Казалось, он рвет едва зажившую рану. Больно и страшно уходить от тепла и любви в неизвестность. Но если не сейчас, если задержаться - то никогда не узнать, кто он? Зачем он? Кто та девушка с глазами цвета ирисов, что звала его? И это "никогда" еще страшнее, чем тяжелая и опасная дорога на запад, в Суард и Грозовые горы.
10
10
- Нет больше.
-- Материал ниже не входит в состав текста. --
(* For every prime power $q$ there exists a linear $(2,\Phi(q),q)$-AONT, i.e. an invertible $\Phi(q)\times\Phi(q)$ matrix over $\mathbb{F}_q$ all of whose $2\times2$ submatrices are invertible.
   Context: $\Phi$ denotes Euler's totient function, so $\Phi(p^r)=p^r-p^{r-1}$. A linear $(t,s,q)$-AONT over $\mathbb{F}_q$ is given by an invertible $s\times s$ matrix $M$ over $\mathbb{F}_q$ (the transform being $(y_1,\dots,y_s)=(x_1,\dots,x_s)M^{-1}$); $M$ defines a linear $(t,s,q)$-AONT iff every $t\times t$ submatrix of $M$ is invertible. *)

From mathcomp Require Import all_boot all_algebra all_field.
Set Implicit Arguments. Unset Strict Implicit. Unset Printing Implicit Defensive.
Import GRing.Theory.
Local Open Scope ring_scope.

(* Every t x t submatrix of M (choice of t distinct rows and t distinct
   columns) is invertible. Rows/columns are selected by injective maps;
   reordering rows/columns does not affect invertibility. *)
Definition all_submx_invertible (F : fieldType) (s t : nat) (M : 'M[F]_s) : Prop :=
  forall (f g : 'I_t -> 'I_s), injective f -> injective g ->
    mxsub f g M \in unitmx.

Definition linear_AONT (F : fieldType) (t s : nat) (M : 'M[F]_s) : Prop :=
  M \in unitmx /\ all_submx_invertible t M.

From mathcomp Require Import all_boot all_algebra all_field.
From mathcomp Require Import ring.
Set Implicit Arguments. Unset Strict Implicit. Unset Printing Implicit Defensive.
Import GRing.Theory.
Local Open Scope ring_scope.

(* Let x_0, ..., x_{q-1} enumerate F and let A be the q x q matrix with entries
   (x_i - x_j)^(q-2). For q > 2 this is (x_i - x_j)^-1 (0 on the diagonal), and a
   2 x 2 minor of A on distinct rows a, b and distinct columns c, d is either a
   single nonzero product or (a - b)(d - c) / ((a - c)(b - d)(a - d)(b - c)).
   Expanding the power binomially gives A = V C, where V has independent columns
   (distinct monomials evaluated at all q points) and row l of C is
   (-1)^l binom(q-2, l) x_j^l. In characteristic p, with q = p^k,
   binom(q-2, l) = (-1)^l (l+1), which vanishes exactly when l+1 is not prime to q;
   hence rank A = rank C >= Phi(q), and any invertible Phi(q) x Phi(q) submatrix
   of A is the required AONT. *)

Lemma prime_dvd_bin_pexp p k i : prime p -> (0 < i < p ^ k)%N -> (p %| 'C(p ^ k, i))%N.
Proof.
move=> p_prime; case: i => [|i] //= lt_i_pk; apply: contraLR lt_i_pk.
rewrite -prime_coprime // -leqNgt => /(coprimeXl k) pk_coprime.
have : (p ^ k %| i.+1 * 'C(p ^ k, i.+1))%N by rewrite -mul_bin_diag dvdn_mulr.
by rewrite Gauss_dvdl // => /dvdn_leq->.
Qed.

Section BinomialSigns.
Variables (R : comPzRingType) (n : nat).
Hypothesis bin_eq0 : forall i, (0 < i < n.+2)%N -> 'C(n.+2, i)%:R = 0 :> R.

Lemma natr_bin_pred i : (i < n.+2)%N -> 'C(n.+1, i)%:R = (-1) ^+ i :> R.
Proof.
elim: i => [|i IHi] lt_i; first by rewrite bin0.
have /eqP := @bin_eq0 i.+1 lt_i; rewrite binS natrD IHi ?(ltnW lt_i) // addr_eq0.
by move=> /eqP->; rewrite exprS mulN1r.
Qed.

Lemma natr_bin_pred2 j : (j < n.+1)%N -> 'C(n, j)%:R = (-1) ^+ j * j.+1%:R :> R.
Proof.
elim: j => [|j IHj] lt_j; first by rewrite bin0 mul1r.
have := @natr_bin_pred j.+1 (ltnW lt_j); rewrite binS natrD IHj ?(ltnW lt_j) // => E.
apply: (addIr ((-1) ^+ j * j.+1%:R)); rewrite E exprS -[j.+2%:R]natr1; ring.
Qed.

End BinomialSigns.

Lemma card_coprime_succ n : #|[pred l : 'I_n.+1 | coprime n.+2 l.+1]| = totient n.+2.
Proof.
have coprime0 : coprime n.+2 0 = false by rewrite /coprime gcdn0.
rewrite totient_count_coprime big_ltn // coprime0 big_add1 big_mkord.
by rewrite -sum1_card big_mkcond add0n; apply: eq_bigr => l _; rewrite inE; case: coprime.
Qed.

Lemma det_mx22 (R : comPzRingType) (A : 'M[R]_2) : \det A = A 0 0 * A 1 1 - A 0 1 * A 1 0.
Proof.
rewrite (expand_det_row _ 0) !big_ord_recl big_ord0 /cofactor !det_mx11 !mxE /=.
have -> : lift 0 0 = 1 :> 'I_2 by apply/val_inj.
have -> : lift 1 0 = 0 :> 'I_2 by apply/val_inj.
rewrite expr0 expr1; ring.
Qed.

Lemma inv_diff_minor_neq0 (F : fieldType) (a b c d : F) : a != b -> c != d ->
  (a - c)^-1 * (b - d)^-1 - (a - d)^-1 * (b - c)^-1 != 0.
Proof.
move=> neq_ab neq_cd.
have inv_sub_neq0 (u v : F) : u != v -> (u - v)^-1 != 0 by rewrite invr_eq0 subr_eq0.
have [ac|neq_ac] := eqVneq a c.
  by subst c; rewrite subrr invr0 mul0r sub0r oppr_eq0 mulf_neq0 ?inv_sub_neq0 // eq_sym.
have [bd|neq_bd] := eqVneq b d.
  by subst d; rewrite subrr invr0 mulr0 sub0r oppr_eq0 mulf_neq0 ?inv_sub_neq0 // eq_sym.
have [ad|neq_ad] := eqVneq a d.
  by subst d; rewrite subrr invr0 mul0r subr0 mulf_neq0 ?inv_sub_neq0.
have [bc|neq_bc] := eqVneq b c.
  by subst c; rewrite subrr invr0 mulr0 subr0 mulf_neq0 ?inv_sub_neq0.
have -> : (a - c)^-1 * (b - d)^-1 - (a - d)^-1 * (b - c)^-1 =
    (a - b) * (d - c) / ((a - c) * (b - d) * (a - d) * (b - c)).
  by field; rewrite !subr_eq0 neq_ac neq_bd neq_ad neq_bc.
by rewrite !(mulf_neq0, invr_eq0) // subr_eq0 // eq_sym.
Qed.

Lemma expf_card_pred2 (F : finFieldType) (z : F) : (2 < #|F|)%N -> z ^+ #|F|.-2 = z^-1.
Proof.
move=> card_gt2; have [->|z_neq0] := eqVneq z 0.
  by rewrite invr0 expr0n; case: #|F| card_gt2 => [|[|[]]].
have card_eq : #|F|.-2.+2 = #|F| by case: #|F| card_gt2 => [|[|]].
apply: (mulIf z_neq0); rewrite mulVf // -exprSr.
by apply: (mulIf z_neq0); rewrite mul1r -exprSr card_eq expf_card.
Qed.

Lemma row_free_monomial_mx (F : fieldType) m N (x : 'I_N -> F) (e : 'I_m -> nat)
    (c : 'I_m -> F) :
  injective x -> injective e -> (forall j, e j < N)%N -> (forall j, c j != 0) ->
  row_free (\matrix_(j, i) (c j * x i ^+ e j)).
Proof.
move=> x_inj e_inj lt_e_N c_neq0; apply: inj_row_free => u uM0.
pose P : {poly F} := \sum_(j < m) (u 0 j * c j) *: 'X^(e j).
have P_eq0 : P = 0.
  apply: (@roots_geq_poly_eq0 _ P (codom x)).
  - apply/allP => _ /codomP[i ->]; apply/eqP.
    have := congr1 (fun v : 'rV_N => v 0 i) uM0; rewrite !mxE => <-.
    by rewrite horner_sum; apply: eq_bigr => j _; rewrite hornerZ hornerXn mxE mulrA.
  - exact/injectiveP.
  rewrite size_codom card_ord (leq_trans (size_sum _ _ _)) //.
  by apply/bigmax_leqP => j _; rewrite (leq_trans (size_scale_leq _ _)) ?size_polyXn.
apply/rowP => j; rewrite mxE; apply/eqP.
have /eqP := congr1 (fun p : {poly F} => p`_(e j)) P_eq0.
rewrite coef0 coef_sum (bigD1 j) //= big1 ?addr0 => [|i neq_ij].
  by rewrite coefZ coefXn eqxx mulr1 mulf_eq0 (negPf (c_neq0 j)) orbF.
by rewrite coefZ coefXn (inj_eq e_inj) eq_sym (negPf neq_ij) mulr0.
Qed.

Lemma row_free_rowsub (F : fieldType) m s n (f : 'I_s -> 'I_m) (A : 'M[F]_(m, n)) :
  injective f -> row_free A -> row_free (rowsub f A).
Proof.
move=> f_inj A_free; rewrite rowsubE /row_free mxrankMfree //.
apply/row_freeP; exists (rowsub f 1%:M)^T.
by apply/matrixP => i j; rewrite -rowsubE !mxE (inj_eq f_inj) eq_sym.
Qed.

Lemma exists_unitmx_mxsub (F : fieldType) m n s (A : 'M[F]_(m, n)) :
  (s <= \rank A)%N ->
  exists (f : 'I_s -> 'I_m) (g : 'I_s -> 'I_n),
    [/\ injective f, injective g & mxsub f g A \in unitmx].
Proof.
move=> le_s_rk.
have widen_inj : injective (widen_ord le_s_rk) by move=> i j [] /val_inj.
pose f := maxrankfun A \o widen_ord le_s_rk.
have f_inj : injective f := inj_comp (@maxrankfun_inj _ _ _ A) widen_inj.
have fA_free : row_free (rowsub f A).
  by rewrite rowsub_comp row_free_rowsub ?maxrowsub_free.
have fAt_full : row_full (rowsub f A)^T by rewrite /row_full mxrank_tr.
pose g := fullrankfun fAt_full.
exists f, g; split => //; first exact: fullrankfun_inj.
have -> : mxsub f g A = (rowsub g (rowsub f A)^T)^T by apply/matrixP => i j; rewrite !mxE.
by rewrite unitmx_tr fullrowsub_unit.
Qed.

Section PowDiffMatrix.
Variable F : finFieldType.

Definition pow_diff_mx : 'M[F]_#|F| :=
  \matrix_(i, j) (enum_val i - enum_val j) ^+ #|F|.-2.

Lemma pow_diff_mx_minor2 : (2 < #|F|)%N -> all_submx_invertible 2 pow_diff_mx.
Proof.
move=> card_gt2 f g f_inj g_inj.
rewrite unitmxE unitfE det_mx22 !mxE !expf_card_pred2 //.
by apply: inv_diff_minor_neq0; rewrite (inj_eq enum_val_inj) ?(inj_eq f_inj) ?(inj_eq g_inj).
Qed.

Section Expansion.
Variable n : nat.
Hypothesis card_F : #|F| = n.+2.

Definition pow_diff_lfactor : 'M[F]_(#|F|, n.+1) := \matrix_(i, l) enum_val i ^+ (n - l).

Definition pow_diff_rfactor : 'M[F]_(n.+1, #|F|) :=
  \matrix_(l, j) ((-1) ^+ l *+ 'C(n, l) * enum_val j ^+ l).

Lemma pow_diff_mx_factor : pow_diff_mx = pow_diff_lfactor *m pow_diff_rfactor.
Proof.
have n_eq : #|F|.-2 = n by rewrite card_F.
apply/matrixP => i j; rewrite !mxE n_eq exprBn; apply: eq_bigr => l _.
by rewrite !mxE mulrnAl mulrnAr; congr (_ *+ _); ring.
Qed.

Lemma row_free_pow_diff_lfactor_tr : row_free pow_diff_lfactor^T.
Proof.
have -> : pow_diff_lfactor^T =
    \matrix_(l, i) ((fun=> 1) l * enum_val i ^+ (fun l : 'I_n.+1 => (n - l)%N) l).
  by apply/matrixP => l i; rewrite !mxE mul1r.
apply: row_free_monomial_mx => [||l|l]; first exact: enum_val_inj.
- by move=> l1 l2 /= /eqP; rewrite eqn_sub2lE ?(ltnSE (ltn_ord _)) // => /eqP /val_inj.
- by rewrite card_F ltnS leqW ?leq_subr.
- exact: oner_neq0.
Qed.

Variables (p k : nat).
Hypotheses (p_char : p \in [pchar F]) (k_gt0 : (0 < k)%N) (card_pk : #|F| = (p ^ k)%N).

Lemma natr_bin_pred2_eq0 l : (l < n.+1)%N ->
  ('C(n, l)%:R == 0 :> F) = ~~ coprime n.+2 l.+1.
Proof.
have p_prime := pcharf_prime p_char.
have bin_eq0 i : (0 < i < n.+2)%N -> 'C(n.+2, i)%:R = 0 :> F.
  rewrite -card_F card_pk => /(prime_dvd_bin_pexp p_prime).
  by rewrite (dvdn_pcharf p_char) => /eqP.
move=> lt_l; rewrite natr_bin_pred2 // mulf_eq0 signr_eq0 -(dvdn_pcharf p_char).
by rewrite -card_F card_pk coprime_pexpl // prime_coprime // negbK.
Qed.

Lemma totient_le_rank_pow_diff_rfactor : (totient n.+2 <= \rank pow_diff_rfactor)%N.
Proof.
pose L := [pred l : 'I_n.+1 | coprime n.+2 l.+1].
pose h : 'I_#|L| -> 'I_n.+1 := enum_val.
have h_free : row_free (rowsub h pow_diff_rfactor).
  have -> : rowsub h pow_diff_rfactor = \matrix_(t, j)
      ((fun t => (-1) ^+ h t *+ 'C(n, h t)) t * enum_val j ^+ (fun t => val (h t)) t).
    by apply/matrixP => t j; rewrite !mxE.
  apply: row_free_monomial_mx => [||t|t]; first exact: enum_val_inj.
  - by move=> t1 t2 /val_inj /enum_val_inj.
  - by rewrite card_F (ltn_trans (ltn_ord _)).
  rewrite -mulr_natr mulf_neq0 ?signr_eq0 // natr_bin_pred2_eq0 // negbK.
  by have := enum_valP t.
rewrite -card_coprime_succ -/L -(eqP h_free); exact/mxrankS/rowsub_sub.
Qed.

End Expansion.

Lemma totient_le_rank_pow_diff_mx p k :
  p \in [pchar F] -> (0 < k)%N -> #|F| = (p ^ k)%N ->
  (totient #|F| <= \rank pow_diff_mx)%N.
Proof.
move=> p_char k_gt0 card_pk.
have [n card_F] : exists n, #|F| = n.+2.
  by have := card_finNzRing_gt1 F; case: #|F| => [|[|n]] //; exists n.
rewrite (pow_diff_mx_factor card_F) -mxrank_tr trmx_mul.
rewrite mxrankMfree ?row_free_pow_diff_lfactor_tr // mxrank_tr [X in totient X]card_F.
exact: totient_le_rank_pow_diff_rfactor p_char k_gt0 card_pk.
Qed.

End PowDiffMatrix.

Theorem theorem2p19 (F : finFieldType) (p k : nat) :
  prime p -> (0 < k)%N -> #|F| = (p ^ k)%N ->
  exists M : 'M[F]_(totient (p ^ k)), linear_AONT 2 M.
Proof.
move=> p_prime k_gt0 card_pk; rewrite -card_pk.
have p_char := card_finPcharP card_pk p_prime.
have [f [g [f_inj g_inj fg_unit]]] :=
  exists_unitmx_mxsub (totient_le_rank_pow_diff_mx p_char k_gt0 card_pk).
exists (mxsub f g (pow_diff_mx F)); split => // f' g' f'_inj g'_inj.
have card_gt2 : (2 < #|F|)%N.
  by rewrite -totient_gt1; have := leq_card f' f'_inj; rewrite !card_ord.
by rewrite -mxsub_comp; apply: pow_diff_mx_minor2 => //; apply: inj_comp.
Qed.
Кончилась. - Купец с почерневшим лицом развел руками. - Только пара горстей сухого нута.
Грыт молча подождал, пока Нурша-бей вынет из туго набитого мешка тощий мешочек с горохом, забрал его и вернулся к костру. Вода в котелке закипала, дразня запахом вчерашней просяной похлебки. Колчан подкидывал в костер обломки стрел. В глазах его тосковал красный закат, меч валялся рядом.
- Сегодня поедим.
Грыт высыпал в котелок нут и сел рядом: мальчишки-рабы, равнодушные от усталости и голода, молча раздвинулись, освобождая место. Он глянул на осунувшиеся лица, все, как один, с синими глазами. Закашлялся, зажимая рот варежкой и стараясь задержать дыхание.
- А завтра, Грыт? - скормив огню обломки лука вместе с лопнувшей еще три недели назад тетивой, тихо спросил Колчан. - Крупы нет, дерева нет. Яков купцы не отдадут.
Он через плечо глянул на собравшихся в подобии пещеры торговцев. Те растирали снегом яков, скармливали им кусочки мха, найденные на скалах. И ни на миг не выпускали из поля зрения охранников и свое оружие.
- Завтра... - прохрипел Грыт, держась за горло. - Завтра или дойдем, или...
- Завтра будем есть сказки, - проворчал суеверный Бочка. - Нет чтобы взять чуть больше проса... для какого дысса им тут книги и серебро? А хмирские веера зачем? Торгаши, шис их забери.
Ближайший мальчишка вздрогнул, нарисовал варежкой круг на лбу, зашептал одними губами: "Светлая, охрани".